» **Stored items**
────────────────────
(* Let $q\ge1$ and $t$ be integers with $0\le t<q$, and let $\mathcal{C}_{q,t}^{\mathrm{base}}=\bigcup_{i=0}^{\lfloor (q-t-1)/(t+1)\rfloor}\mathcal{S}_{q-t-i(t+1)}^q.$ Then: (a) for every $1\le j\le t!$, the code $\big(\mathcal{S}_{\mathrm{ins}}^t(\mathcal{C}_{q,t}^{\mathrm{base}})\big)_j$ is a $t$-tail-deletion-correcting code and $\big|\big(\mathcal{S}_{\mathrm{ins}}^t(\mathcal{C}_{q,t}^{\mathrm{base}})\big)_j\big|=|\mathcal{C}_{q,t}^{\mathrm{base}}|=q!\sum_{i=0}^{\lfloor (q-t-1)/(t+1)\rfloor}\frac{1}{(t+i(t+1))!};$ (b) for every $1\le j_1<j_2\le t!$, the codes $\big(\mathcal{S}_{\mathrm{ins}}^t(\mathcal{C}_{q,t}^{\mathrm{base}})\big)_{j_1}$ and $\big(\mathcal{S}_{\mathrm{ins}}^t(\mathcal{C}_{q,t}^{\mathrm{base}})\big)_{j_2}$ are disjoint; (c) if $q\not\equiv 0 \pmod{t+1}$, then $\big(\mathcal{S}_{\mathrm{ins}}^t(\mathcal{C}_{q,t}^{\mathrm{base}})\big)_1\cup\mathcal{S}_1^q$ is a $t$-tail-deletion-correcting code.
   Context: Let $[q]=\{0,1,\dots,q-1\}$. For $1\le m\le q$, a partial permutation of length $m$ over $[q]$ is a sequence $\pi=(\pi_1,\dots,\pi_m)$ of $m$ pairwise distinct elements of $[q]$; $|\pi|=m$. Let $\mathcal{S}_m^q$ be the set of those of length $m$ and $\mathcal{S}_{\mathrm{all}}^q=\bigcup_{m=1}^{q}\mathcal{S}_m^q$. A code is any subset of $\mathcal{S}_{\mathrm{all}}^q$. Juxtaposition $\omega\pi$ denotes concatenation with $\omega$ on the left. For $\pi$ of length $m$ and integer $j\ge 0$, $\pi_{\downarrow j}=(\pi_{k+1},\dots,\pi_m)$ with $k=\min(j,m-1)$ (leftmost symbols are deleted; the last symbol is never deleted); $\mathcal{B}_{\mathrm{del}}^t(\pi)=\{\pi_{\downarrow j}:0\le j\le t\}$. A code $\mathcal{C}$ is $t$-tail-deletion-correcting if $\mathcal{B}_{\mathrm{del}}^t(\pi_1)\cap\mathcal{B}_{\mathrm{del}}^t(\pi_2)=\emptyset$ for all distinct $\pi_1,\pi_2\in\mathcal{C}$. For $\pi\in\mathcal{S}_{\mathrm{all}}^q$, $\mathcal{S}_{\mathrm{ins}}^t(\pi)$ is the set of all $\omega\pi\in\mathcal{S}_{\mathrm{all}}^q$ with $\omega$ a sequence of exactly $t$ elements of $[q]$ (entries of $\omega\pi$ pairwise distinct); if $|\pi|\le q-t$ it has $\binom{q-|\pi|}{t}t!$ elements. Its elements are listed in increasing lexicographic order and $(\mathcal{S}_{\mathrm{ins}}^t(\pi))_j$ denotes the $j$-th one. For a code $\mathcal{C}$, $(\mathcal{S}_{\mathrm{ins}}^t(\mathcal{C}))_j=\{(\mathcal{S}_{\mathrm{ins}}^t(\pi))_j:\pi\in\mathcal{C}\}$. *)

(* Partial permutations over [q] = {0..q-1} are represented as
   sequences of naturals; codes are finite lists of such sequences (set
   membership = list membership, cardinality = size of the deduplicated list). *)
From mathcomp Require Import all_boot all_order all_algebra.
Set Implicit Arguments. Unset Strict Implicit. Unset Printing Implicit Defensive.

Fixpoint allseqs (q m : nat) : seq (seq nat) :=
  if m is m'.+1 then [seq x :: s | x <- iota 0 q, s <- allseqs q m'] else [:: [::]].

Definition Sm (q m : nat) : seq (seq nat) := [seq s <- allseqs q m | uniq s].

Fixpoint lexle (s1 s2 : seq nat) : bool :=
  match s1, s2 with
  | [::], _ => true
  | _ :: _, [::] => false
  | x :: s1', y :: s2' => (x < y) || ((x == y) && lexle s1' s2')
  end.

Definition S_ins (q t : nat) (pi : seq nat) : seq (seq nat) :=
  sort lexle [seq w ++ pi | w <- allseqs q t & uniq (w ++ pi)].

(* (S_ins^t(pi))_j, 1-indexed *)
Definition S_ins_j (q t j : nat) (pi : seq nat) : seq nat :=
  nth [::] (S_ins q t pi) j.-1.

Definition S_ins_code (q t j : nat) (C : seq (seq nat)) : seq (seq nat) :=
  [seq S_ins_j q t j pi | pi <- C].

Definition tail_del (j : nat) (pi : seq nat) : seq nat :=
  drop (minn j (size pi).-1) pi.

Definition B_del (t : nat) (pi : seq nat) : seq (seq nat) :=
  [seq tail_del j pi | j <- iota 0 t.+1].

Definition tdc (t : nat) (C : seq (seq nat)) : Prop :=
  forall p1 p2, p1 \in C -> p2 \in C -> p1 != p2 ->
    forall s, s \in B_del t p1 -> s \in B_del t p2 -> False.

Definition card_code (C : seq (seq nat)) : nat := size (undup C).

Definition C_base (q t : nat) : seq (seq nat) :=
  flatten [seq Sm q (q - t - i * t.+1) | i <- iota 0 ((q - t - 1) %/ t.+1).+1].

From mathcomp Require Import all_boot all_order all_algebra.
From mathcomp Require Import zify.
Import GRing.Theory Num.Theory.

(* Prepending t symbols to a base word of length q - t - i(t+1) gives a word
   of length q - i(t+1): all codewords are longer than t and their lengths are
   congruent modulo t+1.  Deleting k <= t leftmost symbols only shortens a word
   by k, so two codewords with a common deletion result have equal lengths,
   hence the same k, hence the same tail after t deletions, which is the base
   word; and the j-th element of S_ins^t(pi) determines pi.  For (c), a base
   word of length 1 would force t+1 | q, so codewords then have length at
   least t+2 and their deletions never reach length 1. *)

Lemma mem_allseqs q m s : s \in allseqs q m -> size s = m /\ all (gtn q) s.
Proof.
elim: m s => [|m IHm] s /=; first by rewrite inE => /eqP ->.
case/allpairsPdep=> x [w [+ /IHm[<- ltw] ->]].
by rewrite mem_iota /= ltw andbT.
Qed.

Lemma allseqs_uniq q m : uniq (allseqs q m).
Proof.
elim: m => [|m IHm] //=; apply: allpairs_uniq => //; first exact: iota_uniq.
by move=> [x w] [y v] _ _ /= [-> ->].
Qed.

Lemma count_notin_iota q A : uniq A -> all (gtn q) A ->
  count (predC (mem A)) (iota 0 q) = q - size A.
Proof.
move=> uA ltA; have inA : count (mem A) (iota 0 q) = size A.
  rewrite -size_filter; apply/perm_size/uniq_perm => [||x] //.
    by rewrite filter_uniq ?iota_uniq.
  rewrite mem_filter mem_iota /=; case xA: (x \in A) => //=.
  exact: (allP ltA).
by have := count_predC (mem A) (iota 0 q); rewrite inA size_iota; lia.
Qed.

Lemma count_uniq_cat_allseqs q t A : uniq A -> all (gtn q) A ->
  count (fun w => uniq (w ++ A)) (allseqs q t) = (q - size A) ^_ t.
Proof.
elim: t A => [|t IHt] A uA ltA; first by rewrite /= uA.
have count_cons x : x \in iota 0 q ->
    count (fun w => uniq (w ++ A)) [seq x :: w | w <- allseqs q t]
    = (x \notin A) * (q - size A).-1 ^_ t.
  rewrite mem_iota /= count_map => ltx.
  rewrite (eq_count (a2 := fun w => uniq (w ++ x :: A))); last first.
    by move=> w; apply/perm_uniq/permPl/(perm_catCA [:: x] w A).
  case: (boolP (x \in A)) => xA /=.
    rewrite mul0n -(count_pred0 (allseqs q t)); apply: eq_count => w.
    by rewrite cat_uniq /= xA !andbF.
  by rewrite IHt /= ?xA ?uA ?ltx ?subnS ?mul1n.
rewrite /= /allpairs_dep count_flatten sumnE !big_map (eq_big_seq _ count_cons).
rewrite -big_distrl /=.
have -> : \sum_(x <- iota 0 q) (x \notin A) = q - size A.
  by rewrite -count_notin_iota // -sum1_count [RHS]big_mkcond.
by rewrite -ffactnS.
Qed.

Lemma mem_Sm q m s : s \in Sm q m -> [/\ uniq s, size s = m & all (gtn q) s].
Proof. by rewrite mem_filter => /andP[us /mem_allseqs[-> ltq]]. Qed.

Lemma Sm_uniq q m : uniq (Sm q m).
Proof. exact/filter_uniq/allseqs_uniq. Qed.

Lemma size_Sm q m : size (Sm q m) = q ^_ m.
Proof.
rewrite size_filter -[q in RHS]subn0 -(@count_uniq_cat_allseqs q m [::] isT isT).
by apply: eq_count => s; rewrite cats0.
Qed.

Lemma mem_S_ins q t p s : s \in S_ins q t p -> exists2 w, size w = t & s = w ++ p.
Proof.
rewrite mem_sort => /mapP[w]; rewrite mem_filter => /andP[_ /mem_allseqs[<- _]] ->.
by exists w.
Qed.

Lemma S_ins_uniq q t p : uniq (S_ins q t p).
Proof.
rewrite sort_uniq map_inj_in_uniq ?filter_uniq ?allseqs_uniq // => w v.
rewrite !mem_filter => /andP[_ /mem_allseqs[sw _]] /andP[_ /mem_allseqs[sv _]] /eqP.
by rewrite eqseq_cat ?sw ?sv // => /andP[/eqP].
Qed.

Lemma size_S_ins q t p : uniq p -> all (gtn q) p -> size (S_ins q t p) = (q - size p) ^_ t.
Proof. by move=> up ltp; rewrite size_sort size_map size_filter count_uniq_cat_allseqs. Qed.

Lemma S_ins_index_bound q t j p : uniq p -> all (gtn q) p -> size p + t <= q ->
  0 < j <= t`! -> j.-1 < size (S_ins q t p).
Proof.
move=> up ltp fit /andP[j_gt0 le_j]; rewrite size_S_ins // -bin_ffact.
have bin_pos : 0 < 'C(q - size p, t) by rewrite bin_gt0; lia.
by apply: leq_trans (leq_pmull _ bin_pos); lia.
Qed.

Lemma S_ins_j_cat [q t j p] : uniq p -> all (gtn q) p -> size p + t <= q ->
  0 < j <= t`! -> exists2 w, size w = t & S_ins_j q t j p = w ++ p.
Proof. by move=> up ltp fit jt; apply/mem_S_ins/mem_nth/S_ins_index_bound. Qed.

Lemma tail_del_drop k p : k < size p -> tail_del k p = drop k p.
Proof. by move=> ltk; rewrite /tail_del; congr drop; lia. Qed.

Lemma mem_B_del_long [t p s] :
  t < size p -> s \in B_del t p -> exists2 k, k <= t & s = drop k p.
Proof.
move=> ltp /mapP[k]; rewrite mem_iota ltnS => /andP[_ le_k] ->.
by exists k; rewrite // tail_del_drop //; lia.
Qed.

Lemma mem_B_del_short [t p s] : size p <= 1 -> s \in B_del t p -> s = p.
Proof.
move=> le_p /mapP[k _ ->].
by rewrite /tail_del (_ : (size p).-1 = 0) ?minn0 ?drop0 //; lia.
Qed.

Lemma eqmod_eq_close d m n k l :
  m = n %[mod d.+1] -> m + k = n + l -> k <= d -> l <= d -> m = n.
Proof.
wlog le_mn : m n k l / m <= n => [hwlog|].
  case: (leqP m n) => [|/ltnW] le; first exact: hwlog.
  by move=> *; symmetry; apply: (hwlog n m l k).
move=> /eqP; rewrite eq_sym eqn_mod_dvd // => dvd_d eq_sum le_k le_l.
by case: (posnP (n - m)) => [|/dvdn_leq/(_ dvd_d)]; lia.
Qed.

Lemma tdc_drop_inj t C :
  {in C, forall p, t < size p} ->
  {in C &, forall p1 p2, size p1 = size p2 %[mod t.+1]} ->
  {in C &, injective (drop t)} -> tdc t C.
Proof.
move=> long eqmod inj p1 p2 C1 C2 /negP ne s.
have [lt1 lt2] := (long _ C1, long _ C2).
move=> /(mem_B_del_long lt1)[k1 le1 ->] /(mem_B_del_long lt2)[k2 le2] eq_drop.
have := congr1 size eq_drop; rewrite !size_drop => eq_len.
have eq_size : size p1 = size p2.
  by apply: (@eqmod_eq_close t _ _ k2 k1) => //; [exact: eqmod | lia].
have eq_k : k1 = k2 by lia.
apply/ne/eqP/inj => //.
by rewrite -(subnK le1) -drop_drop eq_drop eq_k drop_drop subnK // -eq_k.
Qed.

Lemma tdc_cat_short t C D : tdc t C ->
  {in C, forall p, t.+1 < size p} -> {in D, forall p, size p <= 1} -> tdc t (C ++ D).
Proof.
move=> tdcC long short p1 p2; rewrite !mem_cat.
have cross p p' s : p \in C -> p' \in D -> s \in B_del t p -> s \in B_del t p' -> False.
  move=> Cp Dp' /(mem_B_del_long (ltnW (long _ Cp)))[k le_k ->].
  move/(mem_B_del_short (short _ Dp'))/(congr1 size); rewrite size_drop.
  by have := long _ Cp; have := short _ Dp'; lia.
case/orP=> [C1|D1] /orP[C2|D2] ne s B1 B2.
- exact: (tdcC p1 p2 C1 C2 ne s).
- exact: (cross p1 p2 s).
- exact: (cross p2 p1 s).
by move: ne; rewrite -(mem_B_del_short (short _ D1) B1) (mem_B_del_short (short _ D2) B2) eqxx.
Qed.

Lemma flatten_map_uniq (I T : eqType) (F : I -> seq T) (s : seq I) :
  uniq s -> {in s, forall i, uniq (F i)} ->
  {in s &, forall i j x, x \in F i -> x \in F j -> i = j} ->
  uniq (flatten (map F s)).
Proof.
elim: s => //= i s IHs /andP[s'i us] uF disjF.
have sub_s : {subset s <= i :: s} by move=> k sk; rewrite inE sk orbT.
rewrite cat_uniq uF ?mem_head //= IHs //; last 2 first.
- by move=> k /sub_s; apply: uF.
- by move=> k l /sub_s sk /sub_s; apply: disjF.
rewrite andbT; apply/hasP=> -[x /flattenP[_ /mapP[j sj ->] xFj] xFi].
have eq_ij : i = j by apply: (disjF i j) xFi xFj; rewrite ?mem_head ?sub_s.
by move: s'i; rewrite eq_ij sj.
Qed.

Section BaseCode.

Variables q t : nat.
Hypothesis lt_tq : t < q.

Local Notation K := ((q - t - 1) %/ t.+1).
Local Notation code j := (S_ins_code q t j (C_base q t)).

Lemma C_base_index_bound i : i \in iota 0 K.+1 -> i * t.+1 <= q - t - 1.
Proof. by rewrite mem_iota ltnS leq_divRL. Qed.

Lemma mem_C_base [p] : p \in C_base q t ->
  [/\ uniq p, all (gtn q) p, 0 < size p, size p + t <= q & size p + t = q %[mod t.+1]].
Proof.
case/flattenP=> _ /mapP[i + ->] /mem_Sm[up -> ltp].
move=> /C_base_index_bound le_i; split=> //; try lia.
by rewrite -[q in RHS](_ : i * t.+1 + (q - t - i * t.+1 + t) = q) ?modnMDl //; lia.
Qed.

Lemma C_base_uniq : uniq (C_base q t).
Proof.
apply: flatten_map_uniq => [|m _|i j]; [exact: iota_uniq | exact: Sm_uniq |].
move=> /C_base_index_bound le_i /C_base_index_bound le_j p.
move=> /mem_Sm[_ sz_i _] /mem_Sm[_ sz_j _].
by apply/eqP; rewrite -(eqn_pmul2r (ltn0Sn t)); apply/eqP; lia.
Qed.

Lemma card_C_base :
  ((card_code (C_base q t))%:R : rat) =
    (\sum_(i < K.+1) ((q`!)%:R / ((t + i * t.+1)`!)%:R))%R.
Proof.
rewrite /card_code undup_id ?C_base_uniq // size_flatten /shape -map_comp.
rewrite sumnE big_map natr_sum.
rewrite -(big_mkord xpredT (fun i => (q`!)%:R / ((t + i * t.+1)`!)%:R))%R /index_iota subn0.
apply: eq_big_seq => i /C_base_index_bound le_i.
have le_q : q - t - i * t.+1 <= q by lia.
rewrite /= size_Sm -(ffact_fact le_q) (_ : q - (q - t - i * t.+1) = t + i * t.+1); last lia.
by rewrite natrM mulfK // pnatr_eq0 -lt0n fact_gt0.
Qed.

Lemma S_ins_j_C_base [j pi] : 0 < j <= t`! -> pi \in C_base q t ->
  drop t (S_ins_j q t j pi) = pi /\ size (S_ins_j q t j pi) = t + size pi.
Proof.
move=> j_range /mem_C_base[up ltp _ fit _].
have [w sz_w ->] := S_ins_j_cat up ltp fit j_range.
by rewrite drop_size_cat // size_cat sz_w.
Qed.

Lemma code_tdc j : 0 < j <= t`! -> tdc t (code j).
Proof.
move=> j_range; apply: tdc_drop_inj.
- move=> _ /mapP[pi Cpi ->]; have [_ ->] := S_ins_j_C_base j_range Cpi.
  by have [_ _ ? _ _] := mem_C_base Cpi; lia.
- move=> _ _ /mapP[pi1 C1 ->] /mapP[pi2 C2 ->].
  have [_ ->] := S_ins_j_C_base j_range C1; have [_ ->] := S_ins_j_C_base j_range C2.
  have [_ _ _ _ m1] := mem_C_base C1; have [_ _ _ _ m2] := mem_C_base C2.
  by rewrite !(addnC t) m1 m2.
- move=> _ _ /mapP[pi1 C1 ->] /mapP[pi2 C2 ->] eq_drop.
  by rewrite -(S_ins_j_C_base j_range C1).1 eq_drop (S_ins_j_C_base j_range C2).1.
Qed.

Lemma card_code_S_ins j : 0 < j <= t`! -> card_code (code j) = card_code (C_base q t).
Proof.
move=> j_range; rewrite /card_code !undup_id ?size_map ?C_base_uniq //.
rewrite (map_inj_in_uniq (can_in_inj (g := drop t) _)) ?C_base_uniq //.
by move=> pi /(S_ins_j_C_base j_range)[].
Qed.

Lemma code_disjoint j1 j2 : 0 < j1 -> j1 < j2 -> j2 <= t`! ->
  forall s, s \in code j1 -> s \in code j2 -> False.
Proof.
move=> j1_gt0 lt_j12 j2_le s /mapP[pi1 C1 ->] /mapP[pi2 C2 eq_s].
have j1_range : 0 < j1 <= t`! by rewrite j1_gt0; lia.
have j2_range : 0 < j2 <= t`! by rewrite j2_le; lia.
have eq_pi : pi1 = pi2.
  by rewrite -(S_ins_j_C_base j1_range C1).1 eq_s (S_ins_j_C_base j2_range C2).1.
have [up ltp _ fit _] := mem_C_base C1; move: eq_s; rewrite -eq_pi /S_ins_j.
move/eqP; rewrite nth_uniq ?S_ins_uniq ?S_ins_index_bound //; lia.
Qed.

Lemma code_size_gt j p : 0 < j <= t`! -> ~~ (t.+1 %| q) -> p \in code j -> t.+1 < size p.
Proof.
move=> j_range ndvd /mapP[pi Cpi ->]; have [_ ->] := S_ins_j_C_base j_range Cpi.
have [_ _ pos _ eqm] := mem_C_base Cpi.
case: (size pi) pos eqm => [|[|n]] //; last by lia.
by move=> _ eqm; case/negP: ndvd; rewrite /dvdn -eqm add1n modnn.
Qed.

End BaseCode.

Theorem mainTheorem9 (q t : nat) (hq : 1 <= q) (htq : t < q) :
  (forall j, 1 <= j <= t`! ->
     tdc t (S_ins_code q t j (C_base q t)) /\
     card_code (S_ins_code q t j (C_base q t)) = card_code (C_base q t) /\
     ((card_code (C_base q t))%:R : rat) =
       (\sum_(i < ((q - t - 1) %/ t.+1).+1)
          ((q`!)%:R / ((t + i * t.+1)`!)%:R))%R) /\
  (forall j1 j2, 1 <= j1 -> j1 < j2 -> j2 <= t`! ->
     forall s, s \in S_ins_code q t j1 (C_base q t) ->
               s \in S_ins_code q t j2 (C_base q t) -> False) /\
  (~~ (t.+1 %| q) -> tdc t (S_ins_code q t 1 (C_base q t) ++ Sm q 1)).
Proof.
split; last split.
- move=> j j_range; split; first exact: code_tdc.
  by split; [exact: card_code_S_ins | exact: card_C_base].
- exact: code_disjoint.
- move=> ndvd; have one_range : 0 < 1 <= t`! by rewrite fact_gt0.
  apply: tdc_cat_short; first exact: code_tdc.
  + by move=> p; apply: code_size_gt.
  + by move=> p /mem_Sm[_ -> _].
Qed.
────────────────────
» **Exercise details**
What is needed is every line of the records that contains the word "sumnE".

» **Problem solution**
rewrite /= /allpairs_dep count_flatten sumnE !big_map (eq_big_seq _ count_cons).
rewrite sumnE big_map natr_sum.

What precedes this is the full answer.